How to complete this task: The expected output is a copy of every line in the records with the string "cvgM".

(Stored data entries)
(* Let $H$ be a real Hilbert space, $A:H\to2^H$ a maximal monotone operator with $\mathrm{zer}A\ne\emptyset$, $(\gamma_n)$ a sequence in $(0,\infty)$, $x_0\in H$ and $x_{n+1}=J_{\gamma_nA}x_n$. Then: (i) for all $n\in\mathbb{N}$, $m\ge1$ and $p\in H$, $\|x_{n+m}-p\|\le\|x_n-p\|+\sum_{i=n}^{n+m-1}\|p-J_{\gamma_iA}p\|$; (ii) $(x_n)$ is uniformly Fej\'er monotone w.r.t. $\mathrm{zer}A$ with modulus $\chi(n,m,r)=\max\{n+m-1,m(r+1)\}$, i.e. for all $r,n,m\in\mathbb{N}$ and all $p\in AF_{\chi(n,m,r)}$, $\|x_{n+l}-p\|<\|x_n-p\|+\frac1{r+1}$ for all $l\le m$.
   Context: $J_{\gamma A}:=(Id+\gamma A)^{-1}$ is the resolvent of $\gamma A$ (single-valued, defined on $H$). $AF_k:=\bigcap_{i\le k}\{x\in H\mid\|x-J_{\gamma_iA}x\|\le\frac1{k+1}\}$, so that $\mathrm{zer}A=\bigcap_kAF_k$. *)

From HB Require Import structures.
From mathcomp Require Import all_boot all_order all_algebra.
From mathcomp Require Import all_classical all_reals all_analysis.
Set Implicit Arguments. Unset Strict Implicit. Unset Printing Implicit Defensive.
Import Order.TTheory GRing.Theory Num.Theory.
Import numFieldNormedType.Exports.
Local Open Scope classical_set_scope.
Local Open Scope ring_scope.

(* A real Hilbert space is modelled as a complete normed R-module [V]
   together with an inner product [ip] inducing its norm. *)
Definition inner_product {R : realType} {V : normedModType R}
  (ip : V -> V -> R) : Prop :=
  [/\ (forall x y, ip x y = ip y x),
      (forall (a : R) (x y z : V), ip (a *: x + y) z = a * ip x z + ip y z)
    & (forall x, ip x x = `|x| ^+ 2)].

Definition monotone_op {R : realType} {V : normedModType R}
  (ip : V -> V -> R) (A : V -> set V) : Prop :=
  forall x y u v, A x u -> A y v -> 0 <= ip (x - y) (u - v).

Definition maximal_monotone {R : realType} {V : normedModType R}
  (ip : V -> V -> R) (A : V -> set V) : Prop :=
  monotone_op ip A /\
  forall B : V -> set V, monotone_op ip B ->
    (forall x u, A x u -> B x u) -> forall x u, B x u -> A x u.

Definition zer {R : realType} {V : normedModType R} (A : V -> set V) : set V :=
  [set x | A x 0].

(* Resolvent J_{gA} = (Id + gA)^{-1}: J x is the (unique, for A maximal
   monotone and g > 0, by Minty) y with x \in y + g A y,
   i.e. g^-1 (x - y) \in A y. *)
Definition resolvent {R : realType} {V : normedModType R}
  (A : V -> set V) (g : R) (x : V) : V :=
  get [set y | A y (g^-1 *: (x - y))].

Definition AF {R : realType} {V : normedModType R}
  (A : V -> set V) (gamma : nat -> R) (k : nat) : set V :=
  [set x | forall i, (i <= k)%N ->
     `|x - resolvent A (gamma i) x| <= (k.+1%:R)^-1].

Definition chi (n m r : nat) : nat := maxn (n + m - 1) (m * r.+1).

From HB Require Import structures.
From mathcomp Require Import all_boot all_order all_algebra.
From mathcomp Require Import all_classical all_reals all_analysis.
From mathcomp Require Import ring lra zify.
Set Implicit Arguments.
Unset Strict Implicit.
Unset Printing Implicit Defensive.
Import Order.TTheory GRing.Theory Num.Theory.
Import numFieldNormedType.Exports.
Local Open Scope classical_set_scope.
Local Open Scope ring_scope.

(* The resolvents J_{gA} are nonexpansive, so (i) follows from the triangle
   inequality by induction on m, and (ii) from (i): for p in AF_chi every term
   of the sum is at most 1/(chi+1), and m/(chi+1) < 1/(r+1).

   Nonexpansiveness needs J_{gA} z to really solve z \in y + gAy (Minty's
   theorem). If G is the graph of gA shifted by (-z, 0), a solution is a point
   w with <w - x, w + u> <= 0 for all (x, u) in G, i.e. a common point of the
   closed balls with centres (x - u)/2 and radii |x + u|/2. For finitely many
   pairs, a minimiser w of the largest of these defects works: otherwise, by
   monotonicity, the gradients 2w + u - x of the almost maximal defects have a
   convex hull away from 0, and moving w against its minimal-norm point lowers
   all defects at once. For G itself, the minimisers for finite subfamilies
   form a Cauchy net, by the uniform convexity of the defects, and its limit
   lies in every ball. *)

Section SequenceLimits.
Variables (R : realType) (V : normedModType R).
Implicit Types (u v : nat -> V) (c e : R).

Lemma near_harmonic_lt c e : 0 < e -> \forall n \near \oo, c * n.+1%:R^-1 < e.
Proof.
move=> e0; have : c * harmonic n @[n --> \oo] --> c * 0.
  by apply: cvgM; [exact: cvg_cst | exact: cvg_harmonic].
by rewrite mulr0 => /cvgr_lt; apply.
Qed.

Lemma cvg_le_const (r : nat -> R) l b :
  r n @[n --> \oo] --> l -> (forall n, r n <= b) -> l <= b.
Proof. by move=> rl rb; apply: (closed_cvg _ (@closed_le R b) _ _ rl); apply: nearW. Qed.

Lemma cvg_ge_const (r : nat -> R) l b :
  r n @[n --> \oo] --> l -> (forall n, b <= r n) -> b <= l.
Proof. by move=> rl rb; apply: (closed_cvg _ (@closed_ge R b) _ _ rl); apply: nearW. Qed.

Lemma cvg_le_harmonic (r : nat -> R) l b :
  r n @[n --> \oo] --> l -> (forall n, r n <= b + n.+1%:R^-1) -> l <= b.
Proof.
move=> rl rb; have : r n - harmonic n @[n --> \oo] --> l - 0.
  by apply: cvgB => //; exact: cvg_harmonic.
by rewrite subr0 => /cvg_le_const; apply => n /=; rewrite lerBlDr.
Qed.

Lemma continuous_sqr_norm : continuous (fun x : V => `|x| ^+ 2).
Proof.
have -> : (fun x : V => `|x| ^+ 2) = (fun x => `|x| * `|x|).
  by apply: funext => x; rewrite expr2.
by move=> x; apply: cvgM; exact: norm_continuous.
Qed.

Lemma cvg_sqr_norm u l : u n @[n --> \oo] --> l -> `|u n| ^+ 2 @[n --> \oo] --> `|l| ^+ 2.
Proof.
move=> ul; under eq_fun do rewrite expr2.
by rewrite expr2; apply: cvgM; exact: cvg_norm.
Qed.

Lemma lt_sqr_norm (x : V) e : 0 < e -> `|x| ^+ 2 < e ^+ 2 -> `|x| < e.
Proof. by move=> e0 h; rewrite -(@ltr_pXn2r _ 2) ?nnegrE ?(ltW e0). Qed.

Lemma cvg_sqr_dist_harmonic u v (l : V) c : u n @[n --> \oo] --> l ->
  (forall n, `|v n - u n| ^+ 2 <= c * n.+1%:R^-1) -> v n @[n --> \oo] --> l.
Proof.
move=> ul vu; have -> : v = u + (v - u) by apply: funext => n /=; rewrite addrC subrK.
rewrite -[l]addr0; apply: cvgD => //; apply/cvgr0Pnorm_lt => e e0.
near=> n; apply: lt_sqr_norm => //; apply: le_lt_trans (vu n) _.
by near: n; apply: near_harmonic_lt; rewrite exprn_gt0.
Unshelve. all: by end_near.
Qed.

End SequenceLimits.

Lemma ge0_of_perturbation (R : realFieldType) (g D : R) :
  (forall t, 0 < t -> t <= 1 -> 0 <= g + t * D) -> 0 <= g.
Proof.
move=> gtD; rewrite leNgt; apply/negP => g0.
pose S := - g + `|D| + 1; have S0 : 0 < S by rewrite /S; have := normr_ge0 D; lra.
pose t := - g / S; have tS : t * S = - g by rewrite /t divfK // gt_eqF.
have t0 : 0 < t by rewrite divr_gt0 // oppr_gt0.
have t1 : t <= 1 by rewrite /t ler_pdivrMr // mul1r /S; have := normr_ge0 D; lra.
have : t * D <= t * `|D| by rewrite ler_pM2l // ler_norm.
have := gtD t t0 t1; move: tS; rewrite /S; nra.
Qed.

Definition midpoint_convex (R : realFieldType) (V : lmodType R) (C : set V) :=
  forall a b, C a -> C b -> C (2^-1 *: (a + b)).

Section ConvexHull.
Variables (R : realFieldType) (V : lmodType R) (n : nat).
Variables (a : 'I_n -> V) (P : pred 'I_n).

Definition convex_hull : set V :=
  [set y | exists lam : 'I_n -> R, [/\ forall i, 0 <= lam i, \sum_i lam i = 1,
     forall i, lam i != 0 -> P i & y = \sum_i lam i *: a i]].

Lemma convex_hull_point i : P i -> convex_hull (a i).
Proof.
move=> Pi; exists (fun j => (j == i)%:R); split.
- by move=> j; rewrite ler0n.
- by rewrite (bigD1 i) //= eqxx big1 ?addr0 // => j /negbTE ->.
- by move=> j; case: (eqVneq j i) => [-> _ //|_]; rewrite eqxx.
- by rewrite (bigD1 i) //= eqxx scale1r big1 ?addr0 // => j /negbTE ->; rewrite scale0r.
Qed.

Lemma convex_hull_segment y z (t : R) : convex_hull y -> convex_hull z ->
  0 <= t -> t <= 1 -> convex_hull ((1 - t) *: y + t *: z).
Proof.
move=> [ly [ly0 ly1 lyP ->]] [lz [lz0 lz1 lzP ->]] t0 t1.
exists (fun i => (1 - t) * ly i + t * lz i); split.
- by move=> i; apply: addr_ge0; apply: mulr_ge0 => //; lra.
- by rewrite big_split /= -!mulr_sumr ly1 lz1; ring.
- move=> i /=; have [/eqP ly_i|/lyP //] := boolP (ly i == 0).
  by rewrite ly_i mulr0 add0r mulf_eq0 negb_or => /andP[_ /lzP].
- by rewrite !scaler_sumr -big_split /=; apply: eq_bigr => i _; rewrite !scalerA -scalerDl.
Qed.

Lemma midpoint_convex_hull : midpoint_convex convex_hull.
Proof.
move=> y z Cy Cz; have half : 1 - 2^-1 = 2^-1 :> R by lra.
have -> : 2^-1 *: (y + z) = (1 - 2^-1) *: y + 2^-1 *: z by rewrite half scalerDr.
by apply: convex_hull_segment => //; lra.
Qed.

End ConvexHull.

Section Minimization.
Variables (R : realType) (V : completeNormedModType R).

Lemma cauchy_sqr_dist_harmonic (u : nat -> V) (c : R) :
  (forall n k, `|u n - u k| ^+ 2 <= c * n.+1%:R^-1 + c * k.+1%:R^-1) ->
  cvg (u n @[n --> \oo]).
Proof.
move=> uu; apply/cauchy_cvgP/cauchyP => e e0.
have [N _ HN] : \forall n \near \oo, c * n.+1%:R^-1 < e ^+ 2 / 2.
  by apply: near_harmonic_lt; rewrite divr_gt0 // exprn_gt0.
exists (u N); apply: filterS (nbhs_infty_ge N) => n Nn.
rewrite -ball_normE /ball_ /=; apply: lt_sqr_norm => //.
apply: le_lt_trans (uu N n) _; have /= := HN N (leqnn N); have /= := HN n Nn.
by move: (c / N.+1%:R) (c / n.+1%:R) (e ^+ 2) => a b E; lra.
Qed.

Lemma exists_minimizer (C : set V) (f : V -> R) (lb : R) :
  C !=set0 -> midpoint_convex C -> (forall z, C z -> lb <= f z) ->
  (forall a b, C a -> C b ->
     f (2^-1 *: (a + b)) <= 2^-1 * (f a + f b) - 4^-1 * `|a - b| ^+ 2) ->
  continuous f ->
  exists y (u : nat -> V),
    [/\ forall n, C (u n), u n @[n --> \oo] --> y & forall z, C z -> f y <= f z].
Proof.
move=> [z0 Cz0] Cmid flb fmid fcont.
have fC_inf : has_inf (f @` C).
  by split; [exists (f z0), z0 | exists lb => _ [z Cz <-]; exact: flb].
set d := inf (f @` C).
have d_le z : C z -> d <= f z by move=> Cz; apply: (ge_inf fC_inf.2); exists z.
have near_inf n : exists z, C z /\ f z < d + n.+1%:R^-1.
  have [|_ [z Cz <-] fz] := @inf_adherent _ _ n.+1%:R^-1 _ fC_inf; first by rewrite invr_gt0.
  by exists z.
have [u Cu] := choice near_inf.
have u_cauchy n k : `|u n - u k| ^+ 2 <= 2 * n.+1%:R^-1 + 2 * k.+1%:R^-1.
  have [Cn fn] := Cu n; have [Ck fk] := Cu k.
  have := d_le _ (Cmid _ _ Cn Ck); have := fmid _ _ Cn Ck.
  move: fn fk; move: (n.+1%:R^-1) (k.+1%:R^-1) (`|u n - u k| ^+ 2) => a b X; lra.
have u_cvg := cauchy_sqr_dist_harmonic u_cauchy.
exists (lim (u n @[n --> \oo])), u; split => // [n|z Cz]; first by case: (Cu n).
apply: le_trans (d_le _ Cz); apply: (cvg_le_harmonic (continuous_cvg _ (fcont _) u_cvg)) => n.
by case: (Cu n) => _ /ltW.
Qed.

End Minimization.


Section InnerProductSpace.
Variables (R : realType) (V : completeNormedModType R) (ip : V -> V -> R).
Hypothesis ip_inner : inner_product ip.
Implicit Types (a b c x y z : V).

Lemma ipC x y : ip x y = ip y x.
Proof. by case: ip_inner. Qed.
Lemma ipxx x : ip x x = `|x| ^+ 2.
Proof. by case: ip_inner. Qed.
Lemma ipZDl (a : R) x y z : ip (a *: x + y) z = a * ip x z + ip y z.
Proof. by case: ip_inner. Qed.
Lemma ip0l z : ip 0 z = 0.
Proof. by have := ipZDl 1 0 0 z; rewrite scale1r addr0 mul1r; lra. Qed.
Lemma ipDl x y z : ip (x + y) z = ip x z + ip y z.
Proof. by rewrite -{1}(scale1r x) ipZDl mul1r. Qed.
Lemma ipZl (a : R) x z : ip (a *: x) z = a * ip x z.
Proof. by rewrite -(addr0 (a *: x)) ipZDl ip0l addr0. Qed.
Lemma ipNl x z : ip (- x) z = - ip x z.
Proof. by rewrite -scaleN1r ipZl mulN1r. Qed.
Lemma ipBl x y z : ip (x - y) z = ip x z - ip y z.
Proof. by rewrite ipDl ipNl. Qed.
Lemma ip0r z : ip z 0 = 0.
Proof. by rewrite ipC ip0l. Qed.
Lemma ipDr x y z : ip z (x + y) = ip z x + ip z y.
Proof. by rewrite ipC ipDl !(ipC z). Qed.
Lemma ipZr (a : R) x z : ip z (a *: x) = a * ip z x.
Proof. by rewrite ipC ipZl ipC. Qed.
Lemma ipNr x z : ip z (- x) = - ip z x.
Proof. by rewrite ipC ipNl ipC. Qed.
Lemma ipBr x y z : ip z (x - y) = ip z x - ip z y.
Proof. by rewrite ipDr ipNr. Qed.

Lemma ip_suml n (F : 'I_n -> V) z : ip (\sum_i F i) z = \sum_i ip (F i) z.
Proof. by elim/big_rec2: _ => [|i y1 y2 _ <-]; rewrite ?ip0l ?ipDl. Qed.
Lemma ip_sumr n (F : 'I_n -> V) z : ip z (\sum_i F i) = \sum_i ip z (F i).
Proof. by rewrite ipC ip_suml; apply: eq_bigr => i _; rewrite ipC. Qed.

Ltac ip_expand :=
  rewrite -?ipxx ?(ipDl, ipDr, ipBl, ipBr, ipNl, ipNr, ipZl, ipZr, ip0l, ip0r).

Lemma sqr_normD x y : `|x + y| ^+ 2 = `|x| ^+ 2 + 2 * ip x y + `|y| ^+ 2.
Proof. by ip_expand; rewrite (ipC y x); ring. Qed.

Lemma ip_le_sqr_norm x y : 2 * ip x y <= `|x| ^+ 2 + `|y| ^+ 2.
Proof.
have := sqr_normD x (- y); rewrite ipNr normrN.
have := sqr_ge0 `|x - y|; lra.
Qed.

Response to this exercise:
  by apply: cvgM; [exact: cvg_cst | exact: cvg_harmonic].
by move=> x; apply: cvgM; exact: norm_continuous.
by rewrite expr2; apply: cvgM; exact: cvg_norm.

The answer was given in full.